**PROBLEM:** The result should consist solely of the line containing "Open Scope bool_scope." and the lines that follow it below, each reproduced exactly, the last line included.

**DATA IN THIS EXERCISE:**

(* Let $f:[0,\infty)\to[0,\infty)$ be a continuous and non-decreasing function, and let $(x_N)_{N\in\mathbb{N}}$ be a sequence in $[0,1)$. Suppose there exist some $k\in\mathbb{N}$ and infinitely many $N\in\mathbb{N}$ such that the finite point set $x_1,\ldots,x_N$ has at most $k$ distinct gap lengths. Then $(x_N)_{N\in\mathbb{N}}$ does not have $f$-pair correlations; that is, it is not the case that \[ \lim_{N\to\infty}\frac{1}{N}\,\#\left\{1\le i\neq j\le N \;\middle|\; \|x_i-x_j\|\le \frac{s}{N}\right\} = f(s) \] holds for all $s\ge 0$.
   Context: Points of $[0,1)$ are regarded as points of the torus $\mathbb{T}^1=[0,1]/\sim$ (with $0$ and $1$ identified). For $x\in\mathbb{R}$, $\|x\|=\min\{|x-z| : z\in\mathbb{Z}\}$ denotes the distance to the nearest integer. For $s\ge 0$ and $N\in\mathbb{N}$, set $R(s,N)=\#\{1\le i\neq j\le N : \|x_i-x_j\|\le s/N\}$ (counting ordered pairs of distinct indices). A sequence has $f$-pair correlations if $\lim_{N\to\infty}\frac1N R(s,N)=f(s)$ for all $s\ge0$. The gap lengths of a finite point set $x_1,\ldots,x_N$ in $\mathbb{T}^1$ are the distances between neighboring elements on the circle: if $y_1\le y_2\le\cdots\le y_N$ is the nondecreasing rearrangement of $x_1,\ldots,x_N$ (repeated points allowed, so a gap length may be $0$), the gap lengths are the values $\|y_{i+1}-y_i\|$ for $1\le i\le N$, where $y_{N+1}:=y_1$. *)

From Stdlib Require Import Reals Lra Lia List Permutation Sorting.Sorted.
From Coquelicot Require Import Coquelicot.
Open Scope R_scope.

(* ||x|| : distance from x to the nearest integer.  With n = floor x
   (Stdlib's Int_part), the nearest integers are n and n+1, so the distance
   is min (x - n) (n + 1 - x). *)
Definition dist_int (x : R) : R :=
  Rmin (x - IZR (Int_part x)) (IZR (Int_part x) + 1 - x).

(* R(s,N) = #{ (i,j) : 1 <= i, j <= N, i <> j, ||x_i - x_j|| <= s/N }
   (ordered pairs).  The sequence is x : nat -> R, indexed from 1. *)
Definition pair_count (x : nat -> R) (s : R) (N : nat) : nat :=
  length (filter
    (fun p : nat * nat =>
       if Nat.eq_dec (fst p) (snd p) then false
       else if Rle_dec (dist_int (x (fst p) - x (snd p))) (s / INR N)
            then true else false)
    (list_prod (seq 1 N) (seq 1 N))).

Definition has_f_pair_correlations (f : R -> R) (x : nat -> R) : Prop :=
  forall s : R, 0 <= s ->
    is_lim_seq (fun N : nat => INR (pair_count x s N) / INR N) (f s).

(* Gap lengths of x_1,...,x_N given a nondecreasing rearrangement y
   (a list of length N): the values ||y_{i+1} - y_i||, i = 1..N, with
   y_{N+1} = y_1 (0-based: i < N, successor index (i+1) mod N). *)
Definition gap (y : list R) (i : nat) : R :=
  dist_int (nth ((i + 1) mod length y) y 0 - nth i y 0).

(* x_1,...,x_N has at most k distinct gap lengths: for the nondecreasing
   rearrangement y of x_1..x_N, all gap lengths lie in a list of at most
   k values.  (The nondecreasing rearrangement is unique, so the
   existential over y is harmless.) *)
Definition at_most_k_gap_lengths (x : nat -> R) (N k : nat) : Prop :=
  exists y : list R,
    Permutation y (map x (seq 1 N)) /\ Sorted Rle y /\
    exists L : list R, (length L <= k)%nat /\
      forall i : nat, (i < N)%nat -> In (gap y i) L.

(* Sort x_1, ..., x_N into a_0 <= ... <= a_(N-1).  Every window of M + 1 equal consecutive
   values contributes M pairs to R(0,N) = O(N), so for M > 4 (f(0) + 1) more than N/(2M) of the
   steps a_t <= a_(t+1) are strict.  Their gaps take at most k values, so some gap v > 0 occurs
   m > N/c times, where c = 2M(k+1); as these m steps fit into [0,1), the scale N v is at most c.
   All m pairs (a_(t+1), a_t) enter R(s,N) exactly when s crosses N v, so R(.,N)/N jumps by at
   least 1/c inside (0, c].  For large N this contradicts convergence to f on a finite grid of
   scales together with the uniform continuity of f on [0, c + 1]. *)

From Stdlib Require Import Reals List.
From Coquelicot Require Import Coquelicot.
From Stdlib Require Import Lra Lia Permutation Sorting.Sorted.
Open Scope R_scope.
Open Scope bool_scope.

Definition count {A : Type} (p : A -> bool) (l : list A) : nat := length (filter p l).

**EXERCISE ANSWER:**
Open Scope bool_scope.

Definition count {A : Type} (p : A -> bool) (l : list A) : nat := length (filter p l).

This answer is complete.